Records from a data source:
----

Lemma q0_bounds_margY0 x0 x1 : S (x0, x1) ->
  q0_10_up S r0 x0 <= margY0 (r x0 x1) true <= q0_low S r0 x0.
Proof.
move=> hS; apply/andP; split.
- apply: ge_sup; first by exists (pY1D0 (r0 x0 x1)), x1.
  by move=> _ [t ht <-]; case/andP: (compatible_margY0_between hS ht).
- apply: lb_le_inf; first by exists (pY1 (r0 x0 x1)), x1.
  by move=> _ [t ht <-]; case/andP: (compatible_margY0_between hS ht).
Qed.

End Compatible.

Lemma q0_band x0 t q : roy_ci_model S r0 -> S (x0, t) ->
  q0_10_up S r0 x0 <= q <= q0_low S r0 x0 -> pY1D0 (r0 x0 t) <= q <= pY1 (r0 x0 t).
Proof.
move=> hm ht /andP[up_q q_low].
have between := compatible_margY0_between (compatible_refl hm) ht.
apply/andP; split.
- apply: le_trans up_q; apply: ub_le_sup; last by exists t.
  by exists (margY0 (r0 x0 t) true) => _ [t' ht' <-]; case/andP: (between _ ht').
- apply: le_trans q_low _; apply: ge_inf; last by exists t.
  by exists (margY0 (r0 x0 t) true) => _ [t' ht' <-]; case/andP: (between _ ht').
Qed.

----

WHAT YOU SHOULD DO:
Each line above with the word "move" needs to be copied.

WRITTEN SOLUTION:
move=> hS; apply/andP; split.
  by move=> _ [t ht <-]; case/andP: (compatible_margY0_between hS ht).
  by move=> _ [t ht <-]; case/andP: (compatible_margY0_between hS ht).
move=> hm ht /andP[up_q q_low].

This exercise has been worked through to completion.